Sparse non-negative generalized PCA with applications to metabolomics

Abstract

Motivation: Nuclear magnetic resonance (NMR) spectroscopy has been used to study mixtures of metabolites in biological samples. This technology produces a spectrum for each sample depicting the chemical shifts at which an unknown number of latent metabolites resonate. The interpretation of this data with common multivariate exploratory methods such as principal components analysis (PCA) is limited due to high-dimensionality, non-negativity of the underlying spectra and dependencies at adjacent chemical shifts.

Results: We develop a novel modification of PCA that is appropriate for analysis of NMR data, entitled Sparse Non-Negative Generalized PCA. This method yields interpretable principal components and loading vectors that select important features and directly account for both the non-negativity of the underlying spectra and dependencies at adjacent chemical shifts. Through the reanalysis of experimental NMR data on five purified neural cell types, we demonstrate the utility of our methods for dimension reduction, pattern recognition, sample exploration and feature selection. Our methods lead to the identification of novel metabolites that reflect the differences between these cell types.

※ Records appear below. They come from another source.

(* On the level set {sigma = p} the function a_p^i is eventually below
   ahat_p^i + e, so int_0^t a_p^i 1[sigma = p] <= C + (ahat_p^i + e) tau_p(t)
   for all t >= 0.  For p outside P_+ the occupation time tau_p(t) is o(t),
   so the whole term is o(t).  Summing over p gives
   A^i(t) <= sum_(p in P_+) ahat_p^i tau_p(t) + O(1) + o(t) uniformly in t,
   and an error of this size disappears once we take the max over [0, T],
   divide by T and pass to the limsup.  The lower bounds are the same argument
   applied to -a. *)

Section LimsupOn.
Context {R : realType}.
Local Open Scope ereal_scope.
Implicit Types (A : set R) (g : R -> \bar R).

Definition sup_tail A g (s : R) := ereal_sup (g @` [set t | (s <= t)%R /\ A t]).
Definition inf_tail A g (s : R) := ereal_inf (g @` [set t | (s <= t)%R /\ A t]).

Lemma limsup_onE A g : limsup_on A g = ereal_inf (range (sup_tail A g)).
Proof.
apply: cvg_lim; first exact: ereal_hausdorff.
apply: nonincreasing_cvge => x y xy; apply: ereal_sup_le.
by move=> _ [t [yt At] <-]; exists t => //; split => //; apply: le_trans yt.
Qed.

Lemma liminf_onE A g : liminf_on A g = ereal_sup (range (inf_tail A g)).
Proof.
apply: cvg_lim; first exact: ereal_hausdorff.
apply: nondecreasing_cvge => x y xy; apply: ereal_inf_le_tmp.
by move=> _ [t [yt At] <-]; exists t => //; split => //; apply: le_trans yt.
Qed.

Lemma limsup_on_lt A g (c : R) : limsup_on A g < c%:E ->
  exists s, forall t, (s <= t)%R -> A t -> g t < c%:E.
Proof.
rewrite limsup_onE => /ereal_inf_lt [_ [s _ <-]] hs; exists s => t st At.
by apply: le_lt_trans hs; apply: ereal_sup_ubound; exists t.
Qed.

Lemma liminf_on_gt A g (c : R) : c%:E < liminf_on A g ->
  exists s, forall t, (s <= t)%R -> A t -> c%:E < g t.
Proof.
rewrite liminf_onE => /ereal_sup_gt [_ [s _ <-]] hs; exists s => t st At.
by apply: lt_le_trans hs _; apply: ereal_inf_lbound; exists t.
Qed.

End LimsupOn.

Section VanishingError.
Context {R : realType}.
Local Open Scope ereal_scope.
Implicit Types f g : R -> \bar R.

Definition le_upto_vanishing f g := forall e : R, (0 < e)%R ->
  exists T0, forall T, (T0 <= T)%R -> f T <= g T + e%:E.

Lemma limsup_inf_le_upto_vanishing f g :
  le_upto_vanishing f g -> limsup_inf f <= limsup_inf g.
Proof.
move=> fg; rewrite /limsup_inf !limsup_onE.
apply/lee_subgt0Pr => e e0; have [T0 HT0] := fg e e0.
apply: le_ereal_inf_tmp => _ [s _ <-]; rewrite leeBlDr //.
set s' := Num.max s T0.
apply: (@le_trans _ _ (sup_tail setT f s')).
  by apply: ereal_inf_lbound; exists s'.
apply: ge_ereal_sup => _ [t [s't _] <-].
have [st T0t] : (s <= t)%R /\ (T0 <= t)%R by move: s't; rewrite ge_max => /andP.
apply: (le_trans (HT0 t T0t)); apply: leeD2r.
by apply: ereal_sup_ubound; exists t.
Qed.

Lemma le_upto_vanishingD f1 f2 g1 g2 :
  le_upto_vanishing f1 g1 -> le_upto_vanishing f2 g2 ->
  le_upto_vanishing (fun t => f1 t + f2 t) (fun t => g1 t + g2 t).
Proof.
move=> fg1 fg2 e e0; have e20 : (0 < e / 2)%R by rewrite divr_gt0.
have [T1 H1] := fg1 _ e20; have [T2 H2] := fg2 _ e20.
exists (Num.max T1 T2) => T; rewrite ge_max => /andP[T1T T2T].
apply: le_trans (leeD (H1 T T1T) (H2 T T2T)) _.
by rewrite addeACA -EFinD -splitr.
Qed.

Lemma le_upto_vanishing_sum (I : Type) (r : seq I) (f g : I -> R -> \bar R) :
  (forall i, le_upto_vanishing (f i) (g i)) ->
  le_upto_vanishing (fun t => \sum_(i <- r) f i t) (fun t => \sum_(i <- r) g i t).
Proof.
move=> fg; elim: r => [|i r IH] e e0.
  by exists 0%R => T _; rewrite !big_nil add0e lee_fin ltW.
have [T0 HT0] := le_upto_vanishingD (fg i) IH e0.
by exists T0 => T /HT0; rewrite !big_cons.
Qed.

End VanishingError.

Section SublinearError.
Context {R : realType}.
Implicit Types X Y : R -> R.

Definition le_upto_sublinear X Y := forall e : R, 0 < e ->
  exists K, forall t, 0 <= t -> X t <= Y t + K + e * t.

Lemma le_upto_sublinearD X1 X2 Y1 Y2 :
  le_upto_sublinear X1 Y1 -> le_upto_sublinear X2 Y2 ->
  le_upto_sublinear (fun t => X1 t + X2 t) (fun t => Y1 t + Y2 t).
Proof.
move=> XY1 XY2 e e0; have e20 : 0 < e / 2 by rewrite divr_gt0.
have [K1 H1] := XY1 _ e20; have [K2 H2] := XY2 _ e20.
exists (K1 + K2) => t t0; have := H1 t t0; have := H2 t t0.
have -> : e * t = e / 2 * t + e / 2 * t by rewrite -mulrDl -splitr.
lra.
Qed.

Lemma le_upto_sublinear_sum (I : Type) (r : seq I) (X Y : I -> R -> R) :
  (forall i, le_upto_sublinear (X i) (Y i)) ->
  le_upto_sublinear (fun t => \sum_(i <- r) X i t) (fun t => \sum_(i <- r) Y i t).
Proof.
move=> XY; elim: r => [|i r IH] e e0.
  by exists 0 => t t0; rewrite !big_nil !add0r mulr_ge0 // ltW.
have [K HK] := le_upto_sublinearD (XY i) IH e0.
by exists K => t /HK; rewrite !big_cons.
Qed.

Lemma le_upto_sublinearZ (k : R) X Y : 0 <= k -> le_upto_sublinear X Y ->
  le_upto_sublinear (fun t => k * X t) (fun t => k * Y t).
Proof.
move=> k0 XY e e0; have k1 : 0 < k + 1 by rewrite ltr_wpDl.
have [K HK] := XY _ (divr_gt0 e0 k1).
exists (k * K) => t t0; have := ler_wpM2l k0 (HK t t0).
have : k * (e / (k + 1) * t) <= e * t.
  rewrite mulrA ler_wpM2r // mulrCA ger_pMr // ler_pdivrMr // mul1r.
  by rewrite lerDl.
rewrite !mulrDr; lra.
Qed.

Lemma le_upto_sublinear_uniform X Y : le_upto_sublinear X Y ->
  forall e, 0 < e -> exists2 T0, 0 < T0 &
    forall T t, T0 <= T -> 0 <= t <= T -> X t <= Y t + e * T.
Proof.
move=> XY e e0; have e20 : 0 < e / 2 by rewrite divr_gt0.
have [K HK] := XY _ e20.
exists (Num.max 1 (2 * `|K| / e)); first by rewrite lt_max ltr01.
move=> T t; rewrite ge_max => /andP[_ KT] /andP[t0 tT].
have : `|K| <= e / 2 * T.
  have KeT : 2 * `|K| <= T * e by move: KT; rewrite ler_pdivrMr.
  have -> : e / 2 * T = (T * e) / 2 by rewrite mulrC mulrA.
  lra.
have : e / 2 * t <= e / 2 * T by rewrite ler_wpM2l // ltW.
have := HK t t0; have := ler_norm K.
have -> : e * T = e / 2 * T + e / 2 * T by rewrite -mulrDl -splitr.
lra.
Qed.

Lemma max0_leD X Y (c T : R) :
  (forall t, 0 <= t <= T -> X t <= Y t + c) ->
  (max0 X T <= max0 Y T + c%:E)%E.
Proof.
move=> XY; apply: ge_ereal_sup => _ [_ [t /= tT <-] <-].
have t0T : 0 <= t <= T by move: tT; rewrite in_itv.
apply: (@le_trans _ _ ((Y t)%:E + c%:E)%E); first by rewrite -EFinD lee_fin XY.
by rewrite leeD2r //; apply: ereal_sup_ubound; exists (Y t) => //; exists t.
Qed.

Lemma le_upto_vanishing_max0 X Y : le_upto_sublinear X Y ->
  le_upto_vanishing (fun T => ((T^-1)%:E * max0 X T)%E)
                    (fun T => ((T^-1)%:E * max0 Y T)%E).
Proof.
move=> /le_upto_sublinear_uniform XY e /XY[T0 T00 HT0].
exists T0 => T T0T; have Tpos : 0 < T := lt_le_trans T00 T0T.
have iT : (0 <= (T^-1)%:E)%E by rewrite lee_fin invr_ge0 ltW.
apply: le_trans (lee_wpmul2l iT (max0_leD (fun t => HT0 T t T0T))) _.
by rewrite muleDr ?fin_num_adde_defl // -EFinM mulrCA mulVf ?gt_eqF ?mulr1.
Qed.

Lemma le_upto_vanishing_pos_part_div X Y Z : le_upto_sublinear X Y ->
  (forall t, 0 < t -> Z t = t^-1 * X t) ->
  le_upto_vanishing (fun t => (Num.max (Z t) 0)%:E)
                    (fun t => (Num.max (t^-1 * Y t) 0)%:E).
Proof.
move=> /le_upto_sublinear_uniform XY ZX e /[dup] e0 /XY[T0 T00 HT0].
exists T0 => T T0T; have Tpos : 0 < T := lt_le_trans T00 T0T.
have : T^-1 * X T <= T^-1 * Y T + e.
  have iT : 0 <= T^-1 by rewrite invr_ge0 ltW.
  have := ler_wpM2l iT (HT0 T T T0T _).
  rewrite mulrDr mulrCA mulVf ?gt_eqF // mulr1; apply.
  by rewrite lexx ltW.
rewrite -EFinD lee_fin ZX // => XYT.
rewrite ge_max; apply/andP; split.
  by apply: (le_trans XYT); rewrite lerD2r le_max lexx.
by rewrite addr_ge0 // ?le_max ?lexx ?orbT // ltW.
Qed.

End SublinearError.

Lemma nth_itv_cover {R : realType} (d x t : R) (s : seq R) :
  x <= t < last x s ->
  exists2 k, (k < size s)%N & nth d (x :: s) k <= t < nth d (x :: s) k.+1.
Proof.
elim: s x => [|y s IH] x /= xtl.
  by move: xtl => /andP[/le_lt_trans/[apply]]; rewrite ltxx.
have [ty|yt] := ltP t y; first by exists 0%N => //=; case/andP: xtl => -> _.
have [|k ks hk] := IH y; first by rewrite yt; case/andP: xtl.
by exists k.+1.
Qed.

Lemma integ0_bounded_above {R : realType} (h : R -> R) (s0 : R) :
  loc_integrable h -> 0 <= s0 -> (forall s, s0 <= s -> h s <= 0) ->
  exists C, forall t, 0 <= t -> integ0 h t <= C.
Proof.
(* Past s0 the integral can only decrease, so int_0^s0 |h| bounds it. *)
move=> hi s00 hs; pose C := integ0 (fun x => `|h x|) s0; exists C.
have small t : 0 <= t <= s0 -> integ0 h t <= C.
  case/andP=> t0 ts; apply: (le_trans (ler_norm _)).
  apply: (le_trans (le_normr_Rintegral _ (hi t t0))) => //.
  rewrite -subr_ge0 /C /integ0.
  rewrite (@Rintegral_itvB _ (fun x => `|h x|) (BLeft 0) (BRight s0) t) //.
    by apply: Rintegral_ge0 => x _.
  exact/integrable_norm/hi.
move=> t t0; have [ts|st] := leP t s0; first by apply: small; rewrite t0 ts.
apply: le_trans (small s0 _); last by rewrite s00 lexx.
rewrite -subr_le0 /integ0 (@Rintegral_itvB _ h (BLeft 0) (BRight t) s0) //.
- apply: (@le_trans _ _ (\int[lebesgue_measure]_(x in `]s0, t]) 0)).
    apply: le_Rintegral => //.
    + apply: integrableS (hi t t0) => //.
      by move=> x /=; rewrite !in_itv /= => /andP[/ltW/(le_trans s00) -> ->].
    + by apply: eq_integrable (integrable0 _ _).
    + by move=> x /=; rewrite in_itv /= => /andP[/ltW/hs ? _].
  by rewrite Rintegral_cst ?mul0r.
- exact: hi.
- by rewrite bnd_simp ltW.
Qed.

Section SwitchingSignal.
Context {R : realType} {P : finType} (sigma : R -> P).
Hypothesis sw : switching_signal sigma.
Local Notation mu := (@lebesgue_measure R).
Local Notation limsup_at p a :=
  (limsup_on [set t | sigma t = p] (fun t => (a t)%:E)).
Local Notation liminf_at p a :=
  (liminf_on [set t | sigma t = p] (fun t => (a t)%:E)).

Lemma measurable_sigma_eq (p : P) (T : R) : 0 < T ->
  measurable (`[0, T[ `&` [set s | sigma s = p]).
Proof.
move=> T0; have [ts [_ h0 hT hsz hc]] := sw T0.
pose F k := if (k.+1 < size ts)%N && (sigma (nth 0 ts k) == p) then
   `[nth 0 ts k, nth 0 ts k.+1[ `&` `[0, T[ else set0.
have ets : ts = 0 :: behead ts by clear -h0 hsz; case: ts h0 hsz => //= x s' ->.
suff -> : `[0, T[ `&` [set s | sigma s = p] = \bigcup_k F k.
  apply: bigcupT_measurable => k; rewrite /F; case: ifP => _ //.
  exact: measurableI.
apply/seteqP; split.
- move=> s [] /= /[!in_itv] /= /andP[s0 sT] sp.
  have [|k ks hk] := @nth_itv_cover _ 0 0 s (behead ts).
    by move: hT; rewrite {1}ets /= => ->; rewrite s0.
  rewrite -ets in hk; have {}ks : (k.+1 < size ts)%N by rewrite ets.
  exists k => //; rewrite /F ks -(hc k ks s hk) sp eqxx; split => //=.
  by rewrite in_itv /= s0.
- move=> s [k _]; rewrite /F; case: ifP => // /andP[ks /eqP sp] [hk hs].
  by split => //=; rewrite -sp; apply: hc; move: hk; rewrite /= in_itv.
Qed.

Availability: www.stat.rice.edu/~gallen/software.html.

Contact: gallen@rice.edu.

Supplementary information: Supplementary data are available at Bioinformatics online.

Fig. 1.

Scatter plots of normalized sample PCs for the neural cell types data. Results from PCA, GPCA, Sparse Non-Negative PCA (SPCA) and Sparse Non-Negative GPCA (SGPCA) are compared for the five neural cell types. Sparse methods (bottom rows) demonstrate clearer separation of samples from different cell types.

Fig. 2.

Amount of variance explained by the PCs for the five neural cell type data. Comparison of the percentage of variance explained by individual PCs (top panel) and cumulative percentage of variance explained (bottom) between PCA and GPCA (left), and sparse non-negative PCA and sparse non-negative GPCA (right). GPCA methods explain larger proportions of the sample variance.

Fig. 3.

Proportion of features selected on the five neural cell types data by sparse non-negative PCA and GPCA for individual PCs (top) and by the cumulative PCs (bottom). Sparse non-negative GPCA explains more of the sample variance with fewer features selected.

Fig. 4.

Sparse non-negative GPCA loadings and sample PC heatmaps for the first seven PCs, which explain over 90% of the sample variance. Scaled PC loadings are superimposed on the average scaled spectra of neural stem cells, neurons, microglia and ‘Glia’, which includes oligodendrocytes and astrocytes. Sparse non-negative GPCA loadings reveal important patterns across the samples and spikes in the loadings denote the location of peaks that vary greatly across the samples. For example, PC3 exhibits peaks that have higher intensities in neural stem cells, while the peaks selected by PC5 have higher concentrations in microglia.